Compared with 2008 data, there were trends for a decline in condom use in all age groups, except for the 50 years and older group and an increase in multiple sexual partnerships among sexually active people aged 15 years and older in 2012. “The increases in some risky sexual behaviours are disappointing, as this partly accounts for why there are so many new infections still occurring in South Africa. We must therefore keep reminding South Africans to avoid being complacent when it comes to HIV prevention and to continue to engage in safer sex practices in order to prevent new infections. This is a must, especially in this new era of ART, if we are to benefit maximally from combination prevention involving biomedical, social and behavioural, and structural interventions,” said Professor Leickness Simbayi, Executive Director, HAST programme, HSRC, and a Principal Investigator on the study.
Another concerning finding is that the majority of the respondents aged 15 years and older (76.5%) believed that they were at low risk of acquiring HIV infection. Unfortunately, approximately one in ten who believed they were at low risk for acquiring HIV infection was already infected but didn’t know it. Furthermore, the overall knowledge about how HIV is transmitted and prevented also declined from 30.3% in 2008 compared to 26.8% in 2012.
Attitudes of South Africans towards Persons Living with HIV (PLHIV) however, have improved considerably since 2008. This could partly be the result of the wider availability of ART in the country, as well as the fact that many people have been tested and know their HIV status. Professor Demetre Labadarios, Executive Director of the Population Health, Health Systems and Innovation programme, HSRC, and also one of the four Principal Investigators of the study, commented, “This finding shows a very positive development in our national response to HIV/AIDS and must be strongly commended as it contributes towards normalizing HIV/AIDS as a disease.”
Finally, among males aged ≥ 15 years the uptake of voluntary medical male circumcision (VMMC) increased from 14.6% in 2008 to 18.6% in 2012, while traditional male circumcisions have remained fairly stable (25.2% in 2008 and 26.1% in 2012).
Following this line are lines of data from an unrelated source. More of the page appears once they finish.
(* Let $U,V\in U(n-1)$ and $(\tau,t),(\sigma,s)\in\mathfrak{N}_n$. Let $T=R_UT_{(\tau,t)}$ and $S=R_VT_{(\sigma,s)}$. Then $S$ commutes with $T$ if and only if $VU=UV$ and $(V^*\tau,t)(\sigma,s)=(U^*\sigma,s)(\tau,t)$ in $\mathfrak{N}_n$.
   Context: The Heisenberg group $\mathfrak{N}_n$ is $\mathbb{C}^{n-1}\times\mathbb{R}$ with product $(\zeta_1,v_1)(\zeta_2,v_2)=(\zeta_1+\zeta_2,\,v_1+v_2+2\,\mathrm{Im}(\zeta_2^*\zeta_1))$. Work in $U(n,1)$ defined as the group of $(n+1)\times(n+1)$ complex matrices $g$ with $g^*Jg=J$, where $J=\begin{pmatrix}0&0&1\\0&I_{n-1}&0\\1&0&0\end{pmatrix}$. For $U\in U(n-1)$, $R_U=\mathrm{diag}(1,U,1)$ (Heisenberg rotation), and for $(\tau,t)\in\mathfrak{N}_n$, $T_{(\tau,t)}=\begin{pmatrix}1&-\tau^*&\frac{-|\tau|^2+ti}{2}\\0&I_{n-1}&\tau\\0&0&1\end{pmatrix}$ (Heisenberg translation). *)

From HB Require Import structures.
From mathcomp Require Import all_boot all_order all_algebra.
Set Implicit Arguments. Unset Strict Implicit. Unset Printing Implicit Defensive.
Import Order.TTheory GRing.Theory Num.Theory.
Local Open Scope ring_scope.

(* Complex scalars: an arbitrary numClosedFieldType C (e.g. algC, or R[i]),
   with conjugation z^*, imaginary unit 'i and imaginary part 'Im z.
   The dimension n-1 of the Heisenberg group's C^{n-1} factor is called m,
   so matrices of U(n,1) have size 1 + m + 1 = n + 1. *)

Section Heis.
Variable C : numClosedFieldType.
Variable m : nat.

Definition adj (p q : nat) (A : 'M[C]_(p, q)) : 'M[C]_(q, p) :=
  map_mx Num.conj (A^T).

Definition unitary (U : 'M[C]_m) : Prop := adj U *m U = 1%:M.

(* Heisenberg group N_n = C^{m} x R; the real coordinate is an element
   v of C with v \is Num.real. *)
Definition heis_mem (x : 'cV[C]_m * C) : Prop := x.2 \is Num.real.

Definition hdot (z2 z1 : 'cV[C]_m) : C := (adj z2 *m z1) 0 0.

Definition heis_mul (x y : 'cV[C]_m * C) : 'cV[C]_m * C :=
  (x.1 + y.1, x.2 + y.2 + 2 * 'Im (hdot y.1 x.1)).

Definition blk3 (a : 'M[C]_(1,1)) (b : 'M[C]_(1,m)) (c : 'M[C]_(1,1))
                (d : 'M[C]_(m,1)) (e : 'M[C]_(m,m)) (f : 'M[C]_(m,1))
                (g : 'M[C]_(1,1)) (h : 'M[C]_(1,m)) (i : 'M[C]_(1,1))
  : 'M[C]_(1 + m + 1) :=
  block_mx (block_mx a b d e) (col_mx c f) (row_mx g h) i.

Definition hrot (U : 'M[C]_m) : 'M[C]_(1 + m + 1) :=
  blk3 1%:M 0 0 0 U 0 0 0 1%:M.

Definition htrans (x : 'cV[C]_m * C) : 'M[C]_(1 + m + 1) :=
  let tau := x.1 in let t := x.2 in
  blk3 1%:M (- adj tau) ((- hdot tau tau + t * 'i) / 2)%:M
       0 1%:M tau
       0 0 1%:M.

End Heis.

From HB Require Import structures.
From mathcomp Require Import all_boot all_order all_algebra.
Set Implicit Arguments. Unset Strict Implicit. Unset Printing Implicit Defensive.
Import Order.TTheory GRing.Theory Num.Theory.
Local Open Scope ring_scope.

(* Both R_U T_(tau,t) and R_V T_(sigma,s) are "unipotent affine" block
   matrices [[1, b, a], [0, W, f], [0, 0, 1]], which multiply like the affine
   group.  Comparing the blocks of S T and T S, commutation amounts to
   VU = UV, tau + U^* sigma = sigma + V^* tau and sigma^* U tau = tau^* V sigma
   (the remaining block follows from these by unitarity).  On the Heisenberg
   side the first coordinates give the same vector identity, the real
   coordinates give Im (sigma^* U tau) = Im (tau^* V sigma), and the real parts
   agree automatically: expanding the squared norm of the common vector
   V^* tau + sigma = U^* sigma + tau yields Re (sigma^* U tau) = Re (tau^* V sigma).
   The real coordinates t and s cancel on both sides, so their realness is
   never used. *)

Section Adjoint.
Variable C : numClosedFieldType.

Lemma adjK p q (A : 'M[C]_(p, q)) : adj (adj A) = A.
Proof. by apply/matrixP => i j; rewrite !mxE conjCK. Qed.

Lemma adj_inj p q : injective (@adj C p q).
Proof. exact: (can_inj (@adjK p q)). Qed.

Lemma adjM p q r (A : 'M[C]_(p, q)) (B : 'M[C]_(q, r)) :
  adj (A *m B) = adj B *m adj A.
Proof. by rewrite /adj trmx_mul map_mxM. Qed.

Lemma adjD p q (A B : 'M[C]_(p, q)) : adj (A + B) = adj A + adj B.
Proof. by rewrite /adj linearD map_mxD. Qed.

Lemma unitary_mulmx_adj n (U : 'M[C]_n) : unitary U -> U *m adj U = 1%:M.
Proof. exact: mulmx1C. Qed.

Variable m : nat.
Implicit Types (x y : 'cV[C]_m) (A : 'M[C]_m).

Lemma hdotC x y : hdot x y = (hdot y x)^*.
Proof. by rewrite /hdot -[adj x *m y]adjK adjM adjK [in LHS]/adj !mxE. Qed.

Lemma hdot_mulmxr A x y : hdot y (A *m x) = hdot (adj A *m y) x.
Proof. by rewrite /hdot adjM adjK mulmxA. Qed.

Lemma hdotDl x y z : hdot (x + y) z = hdot x z + hdot y z.
Proof. by rewrite /hdot adjD mulmxDl mxE. Qed.

Lemma hdotDr x y z : hdot z (x + y) = hdot z x + hdot z y.
Proof. by rewrite /hdot mulmxDr mxE. Qed.

Lemma hdot_unitary A x y : unitary A -> hdot (adj A *m x) (adj A *m y) = hdot x y.
Proof. by move=> uA; rewrite -hdot_mulmxr mulmxA unitary_mulmx_adj // mul1mx. Qed.

Lemma hdot_adj_addr A x y : unitary A ->
  hdot (adj A *m x + y) (adj A *m x + y) =
  hdot x x + hdot y y + (hdot x (A *m y) + (hdot x (A *m y))^*).
Proof.
move=> uA; rewrite !hdotDl !hdotDr hdot_unitary // [hdot (adj A *m x) y]hdotC.
rewrite hdot_mulmxr adjK [hdot (A *m y) x]hdotC conjCK.
by rewrite [_^* + hdot y y]addrC addrACA.
Qed.

End Adjoint.

Lemma eqC_Re_Im (C : numClosedFieldType) (z w : C) :
  z + z^* = w + w^* -> 'Im z = 'Im w -> z = w.
Proof. by move=> eRe eIm; apply/eqCP; rewrite !ReE eRe. Qed.

Section UnipotentAffine.
Variable C : numClosedFieldType.
Variable m : nat.

Definition unip (b : 'M[C]_(1, m)) (W : 'M[C]_m) (f : 'cV[C]_m) (a : 'M[C]_1) :=
  blk3 1%:M b a 0 W f 0 0 1%:M.

Lemma unip_mul b W f a b' W' f' a' :
  unip b W f a *m unip b' W' f' a' =
  unip (b' + b *m W') (W *m W') (W *m f' + f) (a' + b *m f' + a).
Proof.
rewrite /unip /blk3 !mulmx_block mul_col_row mul_block_col mul_col_mx
  mul_row_block mul_mx_row mul_row_col add_block_mx add_col_mx add_row_mx.
by rewrite !(mul1mx, mulmx1, mul0mx, mulmx0, addr0, add0r).
Qed.

Lemma unip_eq b W f a b' W' f' a' :
  unip b W f a = unip b' W' f' a' <-> [/\ b = b', W = W', f = f' & a = a'].
Proof.
split=> [|[-> -> -> ->] //].
by rewrite /unip /blk3 => /eq_block_mx[/eq_block_mx[_ -> _ ->] /eq_col_mx[-> ->] _ _].
Qed.

Lemma unip_commuteP b W f a b' W' f' a' :
  unip b W f a *m unip b' W' f' a' = unip b' W' f' a' *m unip b W f a <->
  [/\ b' + b *m W' = b + b' *m W, W *m W' = W' *m W,
       W *m f' + f = W' *m f + f' & b *m f' = b' *m f].
Proof.
have eA : a' + b *m f' + a = a + b' *m f + a' <-> b *m f' = b' *m f.
  by rewrite addrC [RHS]addrC !addrA [a + a']addrC; split=> [/addrI|->].
rewrite !unip_mul; split=> [/unip_eq[-> -> -> /eA]|[-> -> -> /eA ->]] //.
Qed.

Lemma hrot_htransE W x y :
  hrot W *m htrans (x, y) =
  unip (- adj x) W (W *m x) ((- hdot x x + y * 'i) / 2)%:M.
Proof.
by rewrite [hrot W]/(unip 0 W 0 0) unip_mul !(mulmx1, mul0mx, addr0, add0r).
Qed.

End UnipotentAffine.

Section Commutation.
Variable C : numClosedFieldType.
Variable m : nat.
Variables (U V : 'M[C]_m) (tau sigma : 'cV[C]_m) (t s : C).
Hypotheses (uU : unitary U) (uV : unitary V).

Lemma unitary_commute_translation :
  V *m U = U *m V -> tau + adj U *m sigma = sigma + adj V *m tau ->
  V *m (U *m tau) + V *m sigma = U *m (V *m sigma) + U *m tau.
Proof.
move=> cVU /(congr1 (mulmx (U *m V))); rewrite !mulmxDr !mulmxA -{2}cVU.
rewrite -[V *m U *m adj U]mulmxA -[U *m V *m adj V]mulmxA.
by rewrite !unitary_mulmx_adj // !mulmx1 cVU.
Qed.

Lemma rot_trans_commuteP :
  let T := hrot U *m htrans (tau, t) in
  let S := hrot V *m htrans (sigma, s) in
  S *m T = T *m S <->
  [/\ V *m U = U *m V, tau + adj U *m sigma = sigma + adj V *m tau
    & hdot sigma (U *m tau) = hdot tau (V *m sigma)].
Proof.
have adjE (x y : 'cV[C]_m) (A : 'M[C]_m) :
    - adj x + - adj y *m A = - adj (x + adj A *m y).
  by rewrite adjD adjM adjK mulNmx opprD.
have scalarE (x y : 'cV[C]_m) : - adj y *m x = (- hdot y x)%:M.
  by rewrite mulNmx [adj y *m x]mx11_scalar raddfN.
rewrite /= !hrot_htransE; apply: iff_trans (unip_commuteP _ _ _ _ _ _ _ _) _.
rewrite !adjE !scalarE.
split=> [[/oppr_inj/adj_inj eB -> _ /(congr1 determinant)]|[cVU eB ->]].
  by rewrite !det_scalar1 => /oppr_inj.
by split=> //; [rewrite eB | apply: unitary_commute_translation].
Qed.

Lemma heis_mul_swapP :
  heis_mul (adj V *m tau, t) (sigma, s) = heis_mul (adj U *m sigma, s) (tau, t) <->
  tau + adj U *m sigma = sigma + adj V *m tau /\
  hdot sigma (U *m tau) = hdot tau (V *m sigma).
Proof.
have hdot_adjr (A : 'M[C]_m) x y : hdot y (adj A *m x) = (hdot x (A *m y))^*.
  by rewrite hdot_mulmxr adjK hdotC.
rewrite /heis_mul !hdot_adjr !Im_conj (addrC s).
have swap_sum : adj V *m tau + sigma = adj U *m sigma + tau <->
                tau + adj U *m sigma = sigma + adj V *m tau.
  by rewrite addrC [RHS]addrC; split=> ->.
have two_neq0 : (2 : C) != 0 by rewrite pnatr_eq0.
split=> [[e1 /addrI/(mulfI two_neq0)/oppr_inj eIm]|[/swap_sum -> ->]] //.
split; first exact/swap_sum.
apply: eqC_Re_Im (esym eIm).
have := hdot_adj_addr tau sigma uV.
by rewrite e1 hdot_adj_addr // (addrC (hdot sigma sigma)) => /addrI.
Qed.

End Commutation.

Theorem lemma3p2 (C : numClosedFieldType) (m : nat)
    (U V : 'M[C]_m) (tau sigma : 'cV[C]_m) (t s : C) :
  unitary U -> unitary V ->
  t \is Num.real -> s \is Num.real ->
  let T := hrot U *m htrans (tau, t) in
  let S := hrot V *m htrans (sigma, s) in
  (S *m T = T *m S) <->
  (V *m U = U *m V /\
   heis_mul (adj V *m tau, t) (sigma, s) = heis_mul (adj U *m sigma, s) (tau, t)).
Proof.
move=> uU uV _ _ T S.
apply: iff_trans (rot_trans_commuteP tau sigma t s uU uV) _.
have heisP := heis_mul_swapP tau sigma t s uU uV.
by split=> [[cVU eB ep]|[cVU /heisP[eB ep]]] //; split=> //; apply/heisP.
Qed.
(* Let $\mathcal P$, $\widehat U=(\widehat h,\widehat{q^x},\widehat{q^y})$, $\widehat B$, $\widehat u,\widehat v$ and the stochastic Galerkin shallow water system be as in the context. Define $$E(\widehat U)=\tfrac12\big((\widehat{q^x})^\top\widehat u+(\widehat{q^y})^\top\widehat v\big)+\tfrac12 g\|\widehat h\|^2+g\,\widehat h^\top\widehat B,$$ $$H(\widehat U)=\tfrac12\big(\widehat u^\top\mathcal P(\widehat{q^x})\widehat u+\widehat v^\top\mathcal P(\widehat{q^x})\widehat v\big)+g(\widehat{q^x})^\top(\widehat h+\widehat B),$$ $$K(\widehat U)=\tfrac12\big(\widehat v^\top\mathcal P(\widehat{q^y})\widehat v+\widehat u^\top\mathcal P(\widehat{q^y})\widehat u\big)+g(\widehat{q^y})^\top(\widehat h+\widehat B).$$ If $\mathcal P(\widehat h)$ is strictly positive definite, then $(E,H,K)$ is an entropy flux pair for the stochastic Galerkin shallow water system, i.e. $E$ is convex in $\widehat U$ and every smooth solution satisfies $E(\widehat U)_t+H(\widehat U)_x+K(\widehat U)_y=0$.
   Context: Let $\xi$ be a random variable in $\mathbb R^d$ with density $\rho$ having finite moments of all orders, and let $\phi_1\equiv1,\phi_2,\dots,\phi_K$ be polynomials orthonormal in $L^2_\rho$. For $k=1,\dots,K$ let $\mathcal M_k\in\mathbb R^{K\times K}$ with $(\mathcal M_k)_{l,m}=\int\phi_k\phi_l\phi_m\rho$, and for $\widehat z\in\mathbb R^K$ set $\mathcal P(\widehat z)=\sum_{k=1}^K\widehat z_k\mathcal M_k$ (a symmetric matrix). Let $g>0$. The stochastic Galerkin (SG) shallow water system is $\widehat U_t+\widehat F(\widehat U)_x+\widehat G(\widehat U)_y=\widehat S(\widehat U)$ for $\widehat U(x,y,t)=(\widehat h^\top,(\widehat{q^x})^\top,(\widehat{q^y})^\top)^\top\in\mathbb R^{3K}$, with a time-independent bottom coefficient vector $\widehat B(x,y)\in\mathbb R^K$, where $\widehat F(\widehat U)=\big(\widehat{q^x};\ \mathcal P(\widehat{q^x})\mathcal P^{-1}(\widehat h)\widehat{q^x}+\tfrac12 g\mathcal P(\widehat h)\widehat h;\ \mathcal P(\widehat{q^x})\mathcal P^{-1}(\widehat h)\widehat{q^y}\big)$, $\widehat G(\widehat U)=\big(\widehat{q^y};\ \mathcal P(\widehat{q^y})\mathcal P^{-1}(\widehat h)\widehat{q^x};\ \mathcal P(\widehat{q^y})\mathcal P^{-1}(\widehat h)\widehat{q^y}+\tfrac12 g\mathcal P(\widehat h)\widehat h\big)$, $\widehat S(\widehat U)=\big(0;\ -g\mathcal P(\widehat h)\widehat B_x;\ -g\mathcal P(\widehat h)\widehat B_y\big)$ (semicolons separate $K$-blocks). When $\mathcal P(\widehat h)$ is invertible, $\widehat u=\mathcal P^{-1}(\widehat h)\widehat{q^x}$ and $\widehat v=\mathcal P^{-1}(\widehat h)\widehat{q^y}$. An entropy flux pair for a balance law $U_t+F_x+G_y=S$ is a triple $(E,H,K)$ of scalar functions with $E$ convex in the state such that smooth solutions satisfy $E_t+H_x+K_y=0$. *)

From HB Require Import structures.
From mathcomp Require Import all_boot all_order all_algebra.
From mathcomp Require Import all_classical all_reals all_analysis.
Set Implicit Arguments. Unset Strict Implicit. Unset Printing Implicit Defensive.
Import Order.TTheory GRing.Theory Num.Theory.
Import numFieldNormedType.Exports.
Local Open Scope classical_set_scope.
Local Open Scope ring_scope.

Section Defs.
Variable R : realType.

(** For nonnegative measurable f this is the d-dimensional Lebesgue
    integral (Tonelli). *)
Fixpoint iter_lebesgue_integral (n : nat) : (n.-tuple R -> \bar R) -> \bar R :=
  match n with
  | 0 => fun f => f [tuple]
  | n'.+1 => fun f =>
      (\int[@lebesgue_measure R]_x
          iter_lebesgue_integral (fun t : n'.-tuple R => f [tuple of x :: t]))%E
  end.

Definition has_density dT (T : measurableType dT) (P : probability T R)
    (d : nat) (xi : T -> d.-tuple R) (rho : d.-tuple R -> R) : Prop :=
  (forall t, 0 <= rho t) /\
  forall A : set (d.-tuple R), measurable A ->
    P (xi @^-1` A) =
    iter_lebesgue_integral (fun t => ((\1_A t : R) * rho t)%:E).

Definition finite_moments dT (T : measurableType dT) (P : probability T R)
    (d : nat) (xi : T -> d.-tuple R) : Prop :=
  forall (i : 'I_d) (n : nat),
    ('E_P[fun w => (`|tnth (xi w) i| ^+ n)%R] < +oo)%E.

Definition is_polyfun (d : nat) (f : d.-tuple R -> R) : Prop :=
  exists s : seq (R * ('I_d -> nat)),
    forall t, f t = \sum_(p <- s) p.1 * \prod_(i < d) tnth t i ^+ p.2 i.

Definition Mk dT (T : measurableType dT) (P : probability T R)
    (d K : nat) (xi : T -> d.-tuple R) (phi : 'I_K -> d.-tuple R -> R)
    (k : 'I_K) : 'M[R]_K :=
  \matrix_(l < K, m < K)
    fine ('E_P[fun w => (phi k (xi w) * phi l (xi w) * phi m (xi w))%R])%E.

Variable K : nat.

Definition Pmat (M : 'I_K -> 'M[R]_K) (z : 'cV[R]_K) : 'M[R]_K :=
  \sum_(k < K) z k 0 *: M k.

Definition dotv (a b : 'cV[R]_K) : R := (a^T *m b) 0 0.

Definition posdef (A : 'M[R]_K) : Prop :=
  forall v : 'cV[R]_K, v != 0 -> 0 < (v^T *m A *m v) 0 0.

Variables (M : 'I_K -> 'M[R]_K) (g : R).

Definition SGu (h qx : 'cV[R]_K) : 'cV[R]_K := invmx (Pmat M h) *m qx.

Definition entropyE (h qx qy B : 'cV[R]_K) : R :=
  2^-1 * (dotv qx (SGu h qx) + dotv qy (SGu h qy))
  + 2^-1 * g * dotv h h + g * dotv h B.

Definition entropyH (h qx qy B : 'cV[R]_K) : R :=
  2^-1 * (dotv (SGu h qx) (Pmat M qx *m SGu h qx)
          + dotv (SGu h qy) (Pmat M qx *m SGu h qy))
  + g * dotv qx (h + B).
(* Let $V$ be a real vector space, let $F$ be a geometric mean closed vector lattice, let $T\colon V\times V\to F$ be a vector semi-inner product, and let $u\in F^+$. Define $\|x\|^T_u:=T(x,x)\boxtimes u$ for $x\in V$. If $x,y\in V$ satisfy $T(x,y)=0$, then \[ \|x+y\|^T_u=\|x\|^T_u\boxplus\|y\|^T_u. \]
   Context: All vector spaces are over $\mathbb{R}$ and all vector lattices are Archimedean; $F^+=\{x\in F:x\ge0\}$. A vector lattice $F$ is geometric mean closed if $\inf\{\theta u+\theta^{-1}v:\theta\in(0,\infty)\}$ exists in $F$ for all $u,v\in F^+$, and then $u\boxtimes v:=2^{-1}\inf\{\theta u+\theta^{-1}v:\theta\in(0,\infty)\}$. For $u,v\in F$, $u\boxplus v:=\sup\{(\cos\theta)u+(\sin\theta)v:\theta\in[0,2\pi]\}$; this supremum exists in every geometric mean closed vector lattice. A map $T\colon V\times V\to F$ is a vector semi-inner product if it is bilinear, symmetric ($T(x,y)=T(y,x)$), and satisfies $T(x,x)\ge 0$ for all $x\in V$. *)

From HB Require Import structures.
From mathcomp Require Import all_boot all_order all_algebra.
From mathcomp Require Import all_classical all_reals.
From mathcomp Require Import trigo.
From mathcomp Require Import Rstruct.
From Stdlib Require Import Rdefinitions.

Set Implicit Arguments.
Unset Strict Implicit.
Unset Printing Implicit Defensive.
Import Order.TTheory GRing.Theory Num.Theory.
Local Open Scope classical_set_scope.
Local Open Scope ring_scope.

Notation RR := Rdefinitions.R.

Section Defs.
Variables (F : lmodType RR) (le : F -> F -> Prop).

Definition is_ub (S : set F) (a : F) : Prop := forall s, S s -> le s a.
Definition is_lb (S : set F) (a : F) : Prop := forall s, S s -> le a s.
Definition is_sup (S : set F) (a : F) : Prop :=
  is_ub S a /\ forall b, is_ub S b -> le a b.
Definition is_inf (S : set F) (a : F) : Prop :=
  is_lb S a /\ forall b, is_lb S b -> le b a.

Record vector_lattice : Prop := {
  vl_refl : forall x, le x x;
  vl_antisym : forall x y, le x y -> le y x -> x = y;
  vl_trans : forall x y z, le x y -> le y z -> le x z;
  vl_add : forall x y z, le x y -> le (x + z) (y + z);
  vl_scale : forall (a : RR) x y, 0 <= a -> le x y -> le (a *: x) (a *: y);
  vl_sup2 : forall x y, exists s, is_sup [set x; y] s;
  vl_inf2 : forall x y, exists s, is_inf [set x; y] s;
  vl_archimedean : forall x y, le 0 x -> le 0 y ->
     (forall n : nat, le (n%:R *: x) y) -> x = 0 }.

Definition gm_set (u v : F) : set F :=
  [set w | exists theta : RR, 0 < theta /\ w = theta *: u + theta^-1 *: v].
What is most encouraging is that the majority (51.6%) of youth aged 15-24 years were circumcised medically, especially in KwaZulu-Natal, Gauteng and the Northern Cape.
In summary, the findings of the report underscores that while the country is on the right track with the provision of ART, national HIV counselling and testing (HCT) efforts, and greater access of PMTCT, more other biomedical, behavioural, social, and structural prevention interventions are needed to reduce the high rates of new HIV infections.
This survey has been supported by the President’s Emergency Plan for AIDS Relief (PEPFAR) through the Centers for Disease Control and Prevention (CDC) under the terms of Cooperative Agreement Number 3U2GGH000570. The survey findings are solely the responsibility of the authors and do not necessarily represent the official views of CDC. Additional financial support came from the South African National AIDS Council (SANAC), the Bill and Melinda Gates Foundation, the HSRC and the United Nations Children's Fund (UNICEF).
The HSRC deeply appreciates the participation of South Africans in the survey which led to the production of the only regular comprehensive national report on the status of the HIV epidemic and the social determinants in this country.